Last Updated on Wednesday, 25 November 2015, 15:23 by GxMedia

Guyana will next year table legislation in the National Assembly to create a Sovereign Wealth Fund (SWF), ahead of commercial drilling for oil by American oil giant, Exxon Mobil, Minister of Governance Raphael Trotman announced Wednesday.

Addressing the opening of a workshop on the SWF’s creation at the Arthur Chung Conference Centre (ACCC), he said the Bill would be laid in the House before the end of 2016 for scrutiny and debate as well as inputs from the wider Guyanese public.

“Nationwide consultations will be held both before and during the process of finalizing this policy through necessary legislation,” he said.

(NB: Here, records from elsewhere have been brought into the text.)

(* Let $\Delta$ be a positive integer and let $f\colon\mathbb{N}\to\mathbb{R}$ be a superlinear function with $f(r)\geq \Delta r+1$ for all $r\in\mathbb{N}$. Then every finite graph $G$ with maximum degree $\Delta$ has a uniform subdivision $\tilde G$ with growth $f_{\tilde G}(r)\leq f(r)$ for every positive integer $r$.
   Context: $\mathbb{N}$ is the set of positive integers. A function $f\colon\mathbb{N}\to\mathbb{R}$ is superlinear if $f(x)/x\to\infty$ as $x\to\infty$. The growth of a finite graph $G$ is the function $f_G\colon\mathbb{N}\to\mathbb{N}$ where $f_G(r)$ is the maximum of $|V(H)|$ over all subgraphs $H$ of $G$ of radius at most $r$. A subdivision of $G$ is a graph obtained by replacing each edge $vw$ by a path $P_{vw}$ with endpoints $v$ and $w$, internally disjoint from the rest of the graph; it is uniform if all the paths $P_{vw}$ have the same length. *)

From HB Require Import structures.
From mathcomp Require Import all_boot all_order all_algebra.
From mathcomp Require Import reals.
Set Implicit Arguments. Unset Strict Implicit. Unset Printing Implicit Defensive.
Import Order.TTheory GRing.Theory Num.Theory.

Definition simple_graph (V : finType) (e : rel V) :=
  symmetric e /\ irreflexive e.

Definition degree (V : finType) (e : rel V) (v : V) : nat := #|[set w | e v w]|.
Definition max_degree (V : finType) (e : rel V) : nat := \max_(v : V) degree e v.

Fixpoint reach (V : finType) (F : {set V * V}) (r : nat) (x y : V) : bool :=
  match r with
  | 0 => x == y
  | r'.+1 => reach F r' x y || [exists z, ((x, z) \in F) && reach F r' z y]
  end.

Definition is_subgraph (V : finType) (e : rel V) (S : {set V}) (F : {set V * V}) : bool :=
  [forall p : V * V, (p \in F) ==>
     [&& e p.1 p.2, p.1 \in S, p.2 \in S & ((p.2, p.1) \in F)]].

(* the subgraph (S, F) has radius at most r: some centre c in S reaches every
   vertex of S within distance r inside (S, F) (this forces connectedness
   and nonemptiness). *)
Definition radius_le (V : finType) (S : {set V}) (F : {set V * V}) (r : nat) : bool :=
  [exists c in S, [forall x in S, reach F r c x]].

Definition growth (V : finType) (e : rel V) (r : nat) : nat :=
  \max_(S : {set V}) \max_(F : {set V * V} | is_subgraph e S F && radius_le S F r) #|S|.

(* The uniform subdivision of (T, e) in which every edge uv is replaced by a
   path of length k (k >= 1; k = 1 gives the graph itself).
   Vertices: original vertices inl v, and internal vertices inr (u, v, i) for
   each edge uv (listed once, with rank u < rank v) and 1 <= i <= k-1;
   the vertex inr (u,v,i) sits at position i on the path u = pos 0, ..., v = pos k. *)
Section Subdivision.
Variables (T : finType) (e : rel T) (k : nat).

Definition sd_edge (u v : T) : bool := e u v && (enum_rank u < enum_rank v)%N.

Definition sd_valid (x : T + (T * T * 'I_k)) : bool :=
  match x with
  | inl _ => true
  | inr (u, v, i) => sd_edge u v && (0 < i)%N
  end.

Definition sd_vertex := {x : T + (T * T * 'I_k) | sd_valid x}.

Definition sd_pos (u v : T) (x : T + (T * T * 'I_k)) : option nat :=
  match x with
  | inl w => if w == u then Some 0%N else if w == v then Some k else None
  | inr (u', v', i) => if (u' == u) && (v' == v) then Some (nat_of_ord i) else None
  end.

Definition sd_adj (x y : sd_vertex) : bool :=
  [exists u : T, exists v : T, sd_edge u v &&
     match sd_pos u v (val x), sd_pos u v (val y) with
     | Some p, Some q => (p.+1 == q) || (q.+1 == p)
     | _, _ => false
     end].
End Subdivision.

Local Open Scope ring_scope.
Definition superlinear (R : realType) (f : nat -> R) : Prop :=
  forall M : R, exists N : nat, forall x : nat, (N <= x)%N -> (0 < x)%N ->
    M <= f x / x%:R.

From HB Require Import structures.
From mathcomp Require Import all_boot all_order all_algebra.
From mathcomp Require Import reals.
From mathcomp Require Import zify.
Import Order.TTheory GRing.Theory Num.Theory.
Set Implicit Arguments. Unset Strict Implicit. Unset Printing Implicit Defensive.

The Canada-based University of Calgary, which has a significant expertise in SWFs, is conducting the workshop through the courtesy of the Canadian government.

While much appears to be linked to Exxon-Mobil’s discovery of  a huge oil deposit offshore Guyana’s Essequibo region, he said monies accrued also from gold, diamonds, bauxite, sand, stone and water would be deposited in such funds. “Earnings from all of our natural resources will be housed within resource wealth management funds to the benefit of all Guyanese in three key areas,” he added.

They, he said, are savings for future generations, budgetary support in times of economic downturn, infrastructural development such as roads in hinterland communities and schools.

Participants-who are drawn from the Ministry of Finance, Department of Natural Resource and the Environment, Guyana Forestry Commission, Guyana Geology and Mines Commission, Bank of Guyana and the Environmental Protection Agency- will be introduced to existing models, share experiences and prepare Guyana for a “wave of wealth that will not pass again in our lifetimes.”

Other areas to be considered include whether the SWFs should be held in Guyana or overseas, and new fiscal and legal structures that will guide the sustainable exploitation of extractive industries.

Forty-six countries have SWFs that are governed by rules on savings, timing of withdrawals and areas of expenditure.